Yesterday was a hard day for me. We went to Downtown Disney to take the boys on the balloon they have there and T-rex. Unfortunately the balloon was not working so the trip was sort of a bust. I hadn't thought much about going there prior to going so I wasn't really prepared to be hit by it so emotionally. That was the one place we had a picture taken of our family in front of the water fountain. I actually had it made into a quilt for Hugh for Father's Day this year.
As we walked into the T-rex restaurant we walked past the table we had sat at just a few months ago with out little boy. All I could think of was how he was alive and he was here. How did we go from that to this? The food was good and we left but did not go into the gift shop where we had made him a stuffed dinosaur just like his brothers.

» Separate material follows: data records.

Lemma integral_step_fun (h : R -> R) (a d : R) (c : nat -> R) (K : nat) :
  0 < d ->
  (forall k t, (k < K)%N -> a + k%:R * d < t -> t < a + k.+1%:R * d -> h t = c k) ->
  measurable_fun `[a, a + K%:R * d] (EFin \o h) /\
  (\int[mu]_(t in `[a, (a + K%:R * d)%R]) (h t)%:E = (\sum_(k < K) c k * d)%:E)%E.
Proof.
move=> d0; elim: K => [|K IH] hc.
  rewrite mul0r addr0 set_itv1 big_ord0; split; first exact: measurable_fun_set1.
  by rewrite integral_set1.
have [IHm IHi] := IH (fun k t kK => hc k t (ltnW kK)).
have leKS : a + K%:R * d <= a + K.+1%:R * d by rewrite lerD2l ler_pM2r// ler_nat.
have ltKS : a + K%:R * d < a + K.+1%:R * d by rewrite ltrD2l ltr_pM2r// ltr_nat.
have le0K : a <= a + K%:R * d by rewrite lerDl mulr_ge0// ltW.
have hK : {in `]a + K%:R * d, a + K.+1%:R * d[, h =1 cst (c K)}.
  by move=> t; rewrite in_itv /= => /andP[t1 t2]; rewrite (hc K t).
have mK : measurable_fun `]a + K%:R * d, a + K.+1%:R * d[ (EFin \o h).
  apply: (@eq_measurable_fun _ _ _ _ _ (cst (c K)%:E)); last exact: measurable_cst.
  by move=> t /[!inE] /hK /= ->.
have mKc : measurable_fun `]a + K%:R * d, a + K.+1%:R * d] (EFin \o h).
  rewrite (@itv_bndbnd_setU _ _ _ (BLeft (a + K.+1%:R * d))) ?bnd_simp// set_itv1.
  by apply/measurable_funU => //; split => //; exact: measurable_fun_set1.
have split_itv : [set` `[a, a + K.+1%:R * d]] =
    [set` `[a, a + K%:R * d]] `|` [set` `]a + K%:R * d, a + K.+1%:R * d]] :> set R.
  by rewrite -itv_bndbnd_setU// bnd_simp.
rewrite split_itv; split; first exact/measurable_funU.
rewrite integral_setU //; last 2 first.
- exact/measurable_funU.
- apply/disj_setPS => y [/=]; rewrite 2!in_itv/= => /andP[_ yK] /andP[].
  by rewrite ltNge yK.
rewrite IHi integral_itv_bndoo // (eq_integral (cst (c K)%:E)); last first.
  by move=> t /[!inE] /hK /= ->.
rewrite integral_cst //.
have muK : mu `](a + K%:R * d)%R, (a + K.+1%:R * d)%R[%classic = d%:E.
  rewrite lebesgue_measure_itv /= lte_fin ltKS -EFinB.
  by rewrite opprD addrACA subrr add0r -mulrBl -natrB // subSnn mul1r.
by rewrite [X in (_ * X)%E]muK big_ord_recr.
Qed.

End StepIntegral.

Section Rademacher.
Variable R : realType.

Lemma sgr_sin_itv (q : nat) (x : R) :
  q%:R * pi < x -> x < q.+1%:R * pi -> Num.sg (sin x) = (-1) ^+ q.
Proof.
elim: q x => [|q IH] x x1 x2.
  by rewrite expr0 gtr0_sg // sin_gt0_pi // -(mul0r pi) x1 /= -(mul1r pi).
have -> : x = (x - pi) + pi by rewrite subrK.
rewrite sinDpi sgrN exprS (IH (x - pi)) ?mulN1r //.
  by rewrite ltrBrDr; move: x1; rewrite -natr1 mulrDl mul1r.
by rewrite ltrBlDr; move: x2; rewrite -(@natr1 R q.+1) mulrDl mul1r.
Qed.

Lemma rademacher_dyadic (L a k : nat) (t : R) : (a <= L)%N ->
  k%:R / 2 ^+ L < t -> t < k.+1%:R / 2 ^+ L ->
  rademacher a t = (-1) ^+ (k %/ 2 ^ (L - a)).
Proof.
move=> aL t1 t2; rewrite /rademacher.
set P : R := 2 ^+ (L - a).
have P0 : 0 < P by rewrite exprn_gt0.
have a0 : (0 : R) < 2 ^+ a by rewrite exprn_gt0.
have EL : (2 : R) ^+ L = 2 ^+ a * P by rewrite /P -exprD subnKC.
set q := (k %/ 2 ^ (L - a))%N.
have q1 : q%:R * P <= k%:R by rewrite /P -natrX -natrM ler_nat leq_divM.
have q2 : k.+1%:R <= q.+1%:R * P.
  by rewrite /P -natrX -natrM ler_nat ltn_ceil // expn_gt0.
apply: sgr_sin_itv; rewrite -mulrA [pi * t]mulrC mulrA ltr_pM2r ?pi_gt0 //.
  apply: (le_lt_trans (y := k%:R / P)); first by rewrite ler_pdivlMr.
  by move: t1; rewrite EL ltr_pdivrMr ?mulr_gt0 // ltr_pdivrMr // mulrA [t * _]mulrC.
apply: (lt_le_trans (y := k.+1%:R / P)); last by rewrite ler_pdivrMr.
by move: t2; rewrite EL ltr_pdivlMr ?mulr_gt0 // ltr_pdivlMr // mulrA [t * _]mulrC.
Qed.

Our old dog had chewed it's eyes and made us upset since it was really the only thing we had gotten him down here the last time we were here. I was not sure if I wanted to get one for Gabrielle but just didn't know if I felt like going back in there and having the kids make her one. I'm sure we will come back once she is here though and then we can make her one.
We headed over to the place where the balloon was at. I was fine on the walk until we got to the spot that we had sat and waited for Josh and my dad to take the ride. All that ran through my head was how I was feeding him and he was in his stroller and I had taken his picture. We waited and I held him. His beautiful smile and face just kept going through my mind. I was so thankful that I had a pair of sunglasses for the moments where it became so much tears would well up in my eyes as I thought of him and how much I truly missed him. Thankfully there were some shops around and I took a walk and looked through them.
My last walk was past the fountain. They were doing work on it so seeing it wasn't so bad but still brought that picture back to my mind. I then decided I wanted to find a picture frame here to put that picture in, the one of me with George in front of the castle, and the new one I took of his hat at the beach. There happened to be a little shop right near where we were leaving and I bought one of the photo frames in there and will have to look for the two other ones on the rest of our trip.
I know we will have lots of these first moments. The boys are so excited and have really enjoyed being here so I know it is not a place we can just avoid. All of these firsts are so hard to do even though we know they must be done. I hate at times that we have to do these things and know this sort of life/pain...it truly is like nothing I have ever felt before. The moments take you by surprise and hit you like a brick. It is like someone knocks the breath from you. I miss him so much and wish he was here with us, I want him back in the worst way even though I know it is selfish of me to want that.